1. Field of the Present Invention
The present invention relates generally to a display panel and a method of fabricating the same, and particularly to a flexible display panel and a method of fabricating the same.
2. Description of Related Art
With the progress in the optoelectronic techniques and the semiconductor manufacturing techniques, flat panel displays characterized by high definition, optimal space utilization, low power consumption, and no radiation have gradually tended to be the mainstream products of the market.
A flexible display panel featuring compactness, great impact endurance, flexibility, wearability, and portability has been one of the leading display panels at present. However, in the contemporary technology of forming the flexible display panel, how to form a thin-film-transistor (TFT) array on a flexible substrate is one of the main issues to be resolved.
FIG. 1A to FIG. 1E illustrate a method of fabricating a conventional flexible display panel. With reference to FIG. 1A, FIG. 1B, and FIG. 1C, a rigid substrate 100 is provided, and an organic adhesive material 110 is formed on the rigid substrate 100. A flexible substrate 120 is then disposed on the organic adhesive material 110, and the organic adhesive material 110 is cured by irradiation (e.g. ultraviolet irradiation), such that the flexible substrate 120 is adhered to the rigid substrate 100 through the organic adhesive material 110.
As indicated in FIG. 1D and FIG. 1E, after the flexible substrate 120 is adhered to the rigid substrate 100, a TFT array 130 is formed on the flexible substrate 120. The flexible substrate 120 is removed from the rigid substrate 100 after the TFT array 130 is formed.
Several conventional issues regarding the use of the organic adhesive material 110 are to be resolved. First, the TFT array (e.g. amorphous silicon TFT) is generally formed at a temperature reaching approximately 370° C. at most, whereas the maximum tolerable temperature of the existing organic adhesive material 110 ranges from about 200° C. to about 250° C. Hence, out-gassing phenomenon and decomposition of the organic adhesive material 110 due to pyrolysis and are likely to occur during fabrication of the TFT array 130, and thereby the flexible substrate 120 is warped. Second, the organic adhesive material 110 is vulnerable to chemical solvent, and thus the flexible substrate 120 is warped because of the chemical solvent used for fabricating the TFT array.

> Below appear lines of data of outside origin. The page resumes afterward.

(* Let $f_1,\dots,f_n$ be monotone linear functions and $\sigma$ a permutation of $[n]$. Then $f^\sigma<\min\{f^{\sigma_1},f^{\sigma_{n-1}}\}\ \Rightarrow\ \theta(f^\sigma)+\pi\in(\theta(f_{\sigma(n)}),\theta(f_{\sigma(1)}))_{2\pi}$, and $f^\sigma>\max\{f^{\sigma_1},f^{\sigma_{n-1}}\}\ \Rightarrow\ \theta(f^\sigma)\in(\theta(f_{\sigma(n)}),\theta(f_{\sigma(1)}))_{2\pi}$.
   Context: A linear function is $f(x)=ax+b$; monotone means $a>0$. $\vec f=(b,1-a)^\top$ and $\theta(f)\in[0,2\pi)$ is its polar angle ($\bot$ if $\vec f=0$). $(\theta_1,\theta_2)_{2\pi}=\{\theta\in(\lambda_1,\lambda_2)\mid\lambda_1-\theta_1,\lambda_2-\theta_2\in2\pi\mathbb{Z},\ \lambda_2-\lambda_1\in[0,2\pi)\}$, membership being taken modulo $2\pi$. For a permutation $\sigma$ of $[n]$, $f^\sigma=f_{\sigma(n)}\circ\cdots\circ f_{\sigma(1)}$; for $k\in\{0,\dots,n-1\}$ the $k$-shift $\sigma_k$ is defined by $\sigma_k(i)=\sigma(i+k)$ for $i\le n-k$ and $\sigma_k(i)=\sigma(i+k-n)$ for $i>n-k$, so that $f^{\sigma_k}=f_{\sigma(k)}\circ\cdots\circ f_{\sigma(1)}\circ f_{\sigma(n)}\circ\cdots\circ f_{\sigma(k+1)}$. Inequalities between functions are pointwise (for all $x$). *)

From mathcomp Require Import all_boot all_order all_algebra all_fingroup.
From mathcomp Require Import all_classical all_reals.
From mathcomp Require Import trigo.
Set Implicit Arguments. Unset Strict Implicit. Unset Printing Implicit Defensive.
Import Order.TTheory GRing.Theory Num.Theory.
Local Open Scope ring_scope.

Section Defs.
Variable R : realType.

Definition lapp (f : R * R) (x : R) : R := f.1 * x + f.2.

Definition lcomp (g h : R * R) : R * R := (g.1 * h.1, g.1 * h.2 + g.2).

Definition monotone_lin (f : R * R) : Prop := 0 < f.1.

(* composite of a list of linear functions, the head being applied first *)
Definition lcomp_seq (s : seq (R * R)) : R * R :=
  foldl (fun acc p => lcomp p acc) (1, 0) s.

(* f^tau = f_{tau(n)} \o ... \o f_{tau(1)} (0-based indices here) *)
Definition fperm n (f : 'I_n -> R * R) (tau : 'I_n -> 'I_n) : R * R :=
  lcomp_seq [seq f (tau i) | i <- enum 'I_n].

(* the k-shift: sigma_k(i) = sigma(i + k mod n) *)
Definition shift_ord n (k : nat) (i : 'I_n) : 'I_n :=
  Ordinal (ltn_pmod (i + k) (leq_ltn_trans (leq0n i) (ltn_ord i))).

Definition kshift n (sigma : 'I_n -> 'I_n) (k : nat) : 'I_n -> 'I_n :=
  fun i => sigma (shift_ord k i).

Definition fvec (f : R * R) : R * R := (f.2, 1 - f.1).

(* polar angle in [0, 2pi); None plays the role of "bottom" for the zero vector *)
Definition theta (f : R * R) : option R :=
  let v := fvec f in
  if (v.1 == 0) && (v.2 == 0) then None
  else Some (xget (0 : R) [set t : R | 0 <= t < pi *+ 2 /\
                   v.1 = Num.sqrt (v.1 ^+ 2 + v.2 ^+ 2) * cos t /\
                   v.2 = Num.sqrt (v.1 ^+ 2 + v.2 ^+ 2) * sin t]).

Definition in_arc (t t1 t2 : R) : Prop :=
  exists (z1 z2 z : int),
    let l1 := t1 + z1%:~R * (pi *+ 2) in
    let l2 := t2 + z2%:~R * (pi *+ 2) in
    let l := t + z%:~R * (pi *+ 2) in
    0 <= l2 - l1 < pi *+ 2 /\ l1 < l < l2.

End Defs.

From mathcomp Require Import all_boot all_order all_algebra all_fingroup.
From mathcomp Require Import all_classical all_reals.
From mathcomp Require Import trigo.
From mathcomp Require Import ring lra zify.

(* For linear maps a, b the commutator a \o b - b \o a is a constant, namely
   cross (fvec a) (fvec b).  Splitting f^sigma = W \o f_sigma(1) with
   f^sigma_1 = f_sigma(1) \o W, and f^sigma = f_sigma(n) \o V with
   f^sigma_(n-1) = V \o f_sigma(n), the hypothesis therefore fixes the signs of
   cross (vec f_sigma(n)) (vec f^sigma) and cross (vec f^sigma) (vec f_sigma(1)),
   i.e. of the sines of the angles from theta f_sigma(n) to theta f^sigma and
   from theta f^sigma to theta f_sigma(1).  Both positive puts theta f^sigma
   in the arc; both negative puts its antipode there. *)

Set Implicit Arguments.
Unset Strict Implicit.
Unset Printing Implicit Defensive.

Import Order.TTheory GRing.Theory Num.Theory.
Local Open Scope ring_scope.

Section PolarAngles.
Variable R : realType.

Lemma sinDz2pi (x : R) (z : int) : sin (x + z%:~R * (pi *+ 2)) = sin x.
Proof.
case: z => k; first by rewrite mulr_natl periodicn //; exact: (@sinD2pi R).
rewrite -{2}(subrK (pi *+ 2 *+ k.+1) x) (periodicn (@sinD2pi R)); congr sin.
by rewrite NegzE mulrNz mulNr -pmulrn mulr_natl.
Qed.

Lemma mod2pi_exists (d : R) : exists z : int, 0 <= d + z%:~R * (pi *+ 2) < pi *+ 2.
Proof.
have pi2 : 0 < pi *+ 2 :> R by rewrite pmulrn_lgt0 // pi_gt0.
exists (- Num.floor (d / (pi *+ 2))).
have /andP[lo hi] := floor_itv (d / (pi *+ 2)).
rewrite ler_pdivlMr // in lo; rewrite ltr_pdivrMr // in hi.
rewrite intrD mulrDl mul1r in hi.
by rewrite mulrNz mulNr subr_ge0 lo /= ltrBlDr addrC.
Qed.

Lemma sin_gt0_mod2pi (d : R) : 0 < sin d ->
  exists z : int, 0 < d + z%:~R * (pi *+ 2) < pi.
Proof.
move=> sd; have [z hz] := mod2pi_exists d; exists z.
rewrite -(sinDz2pi d z) in sd; move: (d + _) hz sd => e /andP[e0 e2] se.
rewrite mulr2n in e2.
have ne0 : e != 0 by apply: contraTneq se => ->; rewrite sin0 ltxx.
rewrite lt_def ne0 e0 ltNge; apply/negP => pie.
have : 0 <= sin (e - pi) by apply: sin_ge0_pi; apply/andP; split; lra.
by have := sinDpi (e - pi); rewrite subrK; lra.
Qed.

Lemma in_arc_sin (t t1 t2 : R) : 0 < sin (t - t1) -> 0 < sin (t2 - t) -> in_arc t t1 t2.
Proof.
move=> /sin_gt0_mod2pi[z /andP[a0 api]] /sin_gt0_mod2pi[z' /andP[b0 bpi]].
exists 0, (z + z'), z => /=.
rewrite mul0r addr0 intrD mulrDl.
move: a0 api b0 bpi.
set A := z%:~R * _; set B := z'%:~R * _ => *.
by repeat (apply/andP; split); lra.
Qed.

Lemma sqr_add_gt0 (x y : R) : ~~ ((x == 0) && (y == 0)) -> 0 < x ^+ 2 + y ^+ 2.
Proof. by move=> nz; rewrite lt_def paddr_eq0 ?sqr_ge0 // !sqrf_eq0 nz addr_ge0 ?sqr_ge0. Qed.

Lemma polar_coord (x y : R) : ~~ ((x == 0) && (y == 0)) ->
  exists t, 0 <= t < pi *+ 2 /\
    x = Num.sqrt (x ^+ 2 + y ^+ 2) * cos t /\
    y = Num.sqrt (x ^+ 2 + y ^+ 2) * sin t.
Proof.
move=> nz; have pi0 := @pi_gt0 R.
set r := Num.sqrt _.
have q0 := sqr_add_gt0 nz.
have r0 : 0 < r by rewrite sqrtr_gt0.
have r2 : r ^+ 2 = x ^+ 2 + y ^+ 2 by rewrite sqr_sqrtr // ltW.
set u := x / r.
have hu : -1 <= u <= 1.
  by rewrite ler_pdivrMr // ler_pdivlMr // mul1r mulN1r; apply/andP; split; nra.
have cu : cos (acos u) = u by apply: acosK; rewrite in_itv /= hu.
have su : sin (acos u) = `|y| / r.
  rewrite sin_acos // -(gtr0_norm r0) -normf_div -sqrtr_sqr; congr Num.sqrt.
  by rewrite /u !expr_div_n r2; field; rewrite gt_eqF.
have [a0 api] := (acos_ge0 hu, acos_lepi hu).
have [y0|y0] := leP 0 y.
  exists (acos u); split; first by apply/andP; split; lra.
  by rewrite cu su (ger0_norm y0) /u !(mulrC r) !divfK ?gt_eqF.
(* For y < 0 the angle lies in (pi, 2 pi): reflect [acos u] through the x-axis. *)
have a1 : 0 < acos u.
  apply: acos_gt0; rewrite (andP hu).1 /= lt_neqAle (andP hu).2 andbT.
  apply/eqP => u1; have xr : x = r by rewrite -[x](divfK (lt0r_neq0 r0)) -/u u1 mul1r.
  nra.
exists (- acos u + pi *+ 2); split; first by apply/andP; split; lra.
rewrite cosD2pi sinD2pi cosN sinN cu su (ltr0_norm y0) /u !(mulrC r).
by rewrite divfK ?gt_eqF // mulNr divfK ?gt_eqF // opprK.
Qed.

Lemma theta_polar (F : R * R) : ~~ (((fvec F).1 == 0) && ((fvec F).2 == 0)) ->
  exists t, theta F = Some t /\ exists2 r, 0 < r & fvec F = (r * cos t, r * sin t).
Proof.
move=> nz; rewrite /theta (negbTE nz); eexists; split; first reflexivity.
have [_ [xE yE]] := xgetPex 0 (polar_coord nz).
exists (Num.sqrt ((fvec F).1 ^+ 2 + (fvec F).2 ^+ 2)); last first.
  by rewrite -xE -yE; case: (fvec F).
by rewrite sqrtr_gt0 sqr_add_gt0.
Qed.

Definition cross (u v : R * R) : R := u.1 * v.2 - u.2 * v.1.

Lemma cross_polar (r s a b : R) :
  cross (r * cos a, r * sin a) (s * cos b, s * sin b) = r * s * sin (b - a).
Proof. by rewrite /cross sinB /=; ring. Qed.

Lemma theta_cross (F G : R * R) : cross (fvec F) (fvec G) != 0 ->
  exists tF tG r, [/\ theta F = Some tF, theta G = Some tG, 0 < r &
    cross (fvec F) (fvec G) = r * sin (tG - tF)].
Proof.
move=> c.
have [nzF nzG] : ~~ (((fvec F).1 == 0) && ((fvec F).2 == 0)) /\
                 ~~ (((fvec G).1 == 0) && ((fvec G).2 == 0)).
  by split; apply: contra c => /andP[/eqP a /eqP b];
     rewrite /cross a b !(mul0r, mulr0) subrr.
have [tF [thF [rF rF0 EF]]] := theta_polar nzF.
have [tG [thG [rG rG0 EG]]] := theta_polar nzG.
exists tF, tG, (rF * rG); split => //; first exact: mulr_gt0.
by rewrite EF EG cross_polar.
Qed.

Lemma theta_in_arc (g P h : R * R) :
  0 < cross (fvec g) (fvec P) -> 0 < cross (fvec P) (fvec h) ->
  exists t t1 t2, [/\ theta P = Some t, theta g = Some t1, theta h = Some t2 &
                      in_arc t t1 t2].
Proof.
move=> gP Ph.
have [t1 [t [r [-> thP r0 E]]]] := theta_cross (lt0r_neq0 gP).
have [t' [t2 [r' [thP' -> r'0 E']]]] := theta_cross (lt0r_neq0 Ph).
move: thP' E'; rewrite thP => -[<-] E'; exists t, t1, t2; split => //.
apply: in_arc_sin.
- by rewrite -(pmulr_rgt0 _ r0) -E.
- by rewrite -(pmulr_rgt0 _ r'0) -E'.
Qed.

Lemma theta_addpi_in_arc (g P h : R * R) :
  cross (fvec g) (fvec P) < 0 -> cross (fvec P) (fvec h) < 0 ->
  exists t t1 t2, [/\ theta P = Some t, theta g = Some t1, theta h = Some t2 &
                      in_arc (t + pi) t1 t2].
Proof.
move=> gP Ph.
have [t1 [t [r [-> thP r0 E]]]] := theta_cross (ltr0_neq0 gP).
have [t' [t2 [r' [thP' -> r'0 E']]]] := theta_cross (ltr0_neq0 Ph).
move: thP' E'; rewrite thP => -[<-] E'; exists t, t1, t2; split => //.
apply: in_arc_sin.
- by rewrite addrAC sinDpi oppr_gt0 -(pmulr_rlt0 _ r0) -E.
- by rewrite opprD addrA -[sin _]opprK -sinDpi subrK oppr_gt0 -(pmulr_rlt0 _ r'0) -E'.
Qed.

End PolarAngles.

Section Composition.
Variable R : realType.
Implicit Types (g h x : R * R) (l : seq (R * R)).

Lemma lcompA : associative (@lcomp R).
Proof. by move=> [a1 a2] [b1 b2] [c1 c2]; rewrite /lcomp /=; congr pair; ring. Qed.

Lemma lcomp1f x : lcomp (1, 0) x = x.
Proof. by case: x => x1 x2; rewrite /lcomp /=; congr pair; ring. Qed.

Lemma lcompf1 x : lcomp x (1, 0) = x.
Proof. by case: x => x1 x2; rewrite /lcomp /=; congr pair; ring. Qed.

Lemma foldl_lcomp l x :
  foldl (fun acc p => lcomp p acc) x l = lcomp (lcomp_seq l) x.
Proof.
rewrite /lcomp_seq; elim: l x => [|a l IH] x /=; first by rewrite lcomp1f.
by rewrite IH [in RHS]IH -lcompA lcompf1.
Qed.

Lemma lcomp_seq_cons h l : lcomp_seq (h :: l) = lcomp (lcomp_seq l) h.
Proof. by rewrite {1}/lcomp_seq /= foldl_lcomp lcompf1. Qed.

Lemma lcomp_seq_rcons l g : lcomp_seq (rcons l g) = lcomp g (lcomp_seq l).
Proof. by rewrite /lcomp_seq foldl_rcons. Qed.

Lemma map_shift_ord n k : (k <= n)%N ->
  map (@shift_ord n k) (enum 'I_n) = rot k (enum 'I_n).
Proof.
move=> kn; apply: (inj_map val_inj).
rewrite map_rot -map_comp val_enum_ord.
rewrite (eq_map (_ : _ =1 (fun j => (j + k) %% n)%N \o val)) // map_comp val_enum_ord.
rewrite /rot drop_iota take_iota add0n (minn_idPl kn).
apply: (@eq_from_nth _ 0%N); first by rewrite size_map size_cat !size_iota; lia.
rewrite size_map size_iota => i lt_in.
rewrite (nth_map 0%N) ?size_iota // nth_iota // add0n nth_cat size_iota /=.
case: ltnP => ik; first by rewrite nth_iota // modn_small //; lia.
rewrite nth_iota; last by lia.
have -> : (i + k = (i + k - n) + n)%N by lia.
by rewrite modnDr modn_small; lia.
Qed.

Lemma fperm_kshift n (f : 'I_n -> R * R) (s : 'I_n -> 'I_n) k : (k <= n)%N ->
  fperm f (kshift s k) = lcomp_seq (rot k [seq f (s i) | i <- enum 'I_n]).
Proof.
by move=> kn; rewrite /fperm /kshift -map_rot -map_shift_ord // -map_comp.
Qed.

Lemma fperm_kshift1 n (f : 'I_n.+1 -> R * R) (s : 'I_n.+1 -> 'I_n.+1) :
  exists W, fperm f s = lcomp W (f (s ord0)) /\
            fperm f (kshift s 1) = lcomp (f (s ord0)) W.
Proof.
rewrite fperm_kshift // /fperm enum_ordSl /= rot1_cons lcomp_seq_cons lcomp_seq_rcons.
by eexists.
Qed.

Lemma fperm_kshift_last n (f : 'I_n.+1 -> R * R) (s : 'I_n.+1 -> 'I_n.+1) :
  exists V, fperm f s = lcomp (f (s ord_max)) V /\
            fperm f (kshift s n) = lcomp V (f (s ord_max)).
Proof.
rewrite fperm_kshift //; set l := map _ _.
have -> : rot n l = rotr 1 l by rewrite /rotr size_map size_enum_ord subn1.
rewrite /fperm -/l /l enum_ordSr map_rcons rotr1_rcons.
rewrite lcomp_seq_cons lcomp_seq_rcons.
by eexists.
Qed.

End Composition.

Section Commutator.
Variable R : realType.
Implicit Types (a b : R * R).

Lemma lapp_lcompC a b x :
  lapp (lcomp a b) x - lapp (lcomp b a) x = cross (fvec a) (fvec b).
Proof. by rewrite /lapp /lcomp /cross /fvec /=; ring. Qed.

Lemma cross_fvec_lcompl a b : cross (fvec (lcomp a b)) (fvec b) = cross (fvec a) (fvec b).
Proof. by rewrite /lcomp /cross /fvec /=; ring. Qed.

Lemma cross_fvec_lcompr a b : cross (fvec a) (fvec (lcomp a b)) = a.1 * cross (fvec a) (fvec b).
Proof. by rewrite /lcomp /cross /fvec /=; ring. Qed.

End Commutator.

Theorem mainTheorem10 (R : realType) (n : nat) (f : 'I_n.+1 -> R * R)
    (sigma : 'S_n.+1) :
  (forall i, monotone_lin (f i)) ->
  ((forall x : R,
      lapp (fperm f sigma) x <
      Num.min (lapp (fperm f (kshift sigma 1)) x) (lapp (fperm f (kshift sigma n)) x)) ->
   exists t t1 t2 : R,
     [/\ theta (fperm f sigma) = Some t,
         theta (f (sigma ord_max)) = Some t1,
         theta (f (sigma ord0)) = Some t2 &
         in_arc (t + pi) t1 t2])
  /\
  ((forall x : R,
      lapp (fperm f sigma) x >
      Num.max (lapp (fperm f (kshift sigma 1)) x) (lapp (fperm f (kshift sigma n)) x)) ->
   exists t t1 t2 : R,
     [/\ theta (fperm f sigma) = Some t,
         theta (f (sigma ord_max)) = Some t1,
         theta (f (sigma ord0)) = Some t2 &
         in_arc t t1 t2]).
Proof.
move=> mono; set P := fperm f sigma.
set h := f (sigma ord0); set g := f (sigma ord_max).
have [W [PW Wh]] := fperm_kshift1 f sigma.
have [V [PV Vg]] := fperm_kshift_last f sigma.
have cross_Ph : cross (fvec P) (fvec h) = lapp P 0 - lapp (fperm f (kshift sigma 1)) 0.
  by rewrite /P PW Wh lapp_lcompC cross_fvec_lcompl.
have cross_gP :
    cross (fvec g) (fvec P) = g.1 * (lapp P 0 - lapp (fperm f (kshift sigma n)) 0).
  by rewrite /P PV Vg lapp_lcompC cross_fvec_lcompr.
have g_gt0 : 0 < g.1 by exact: mono.
split=> H; move: (H 0); rewrite ?lt_min ?gt_max => /andP[lt1 ltn].
- apply: theta_addpi_in_arc.
  + by rewrite cross_gP pmulr_rlt0 // subr_lt0.
  + by rewrite cross_Ph subr_lt0.
- apply: theta_in_arc.
  + by rewrite cross_gP pmulr_rgt0 // subr_gt0.
  + by rewrite cross_Ph subr_gt0.
Qed.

To enhance heat resistance and chemical resistance of the organic adhesive material 110, adequate inorganic powder is frequently doped into the organic adhesive material 110 according to the related art, which improves adhesion of the organic adhesive material 110 but causes difficulty in removing the flexible substrate 120 from the rigid substrate 100. As such, while the flexible substrate 120 is being removed from the rigid substrate 100, the TFT array 130 (shown in FIG. 1E) on the flexible substrate 120 is broken.
In addition to doping the inorganic powder into the organic adhesive material 110, photo-sensitive adhesive materials are also employed according to the related art. After fabrication of the TFT array, the photo-sensitive adhesive materials are cured by irradiation, such that the adhesive materials are no longer adhesive, and that the flexible substrate 120 can be removed with ease. However, the applicable photo-sensitive adhesive materials cannot be determined at one's preference because of limited varieties.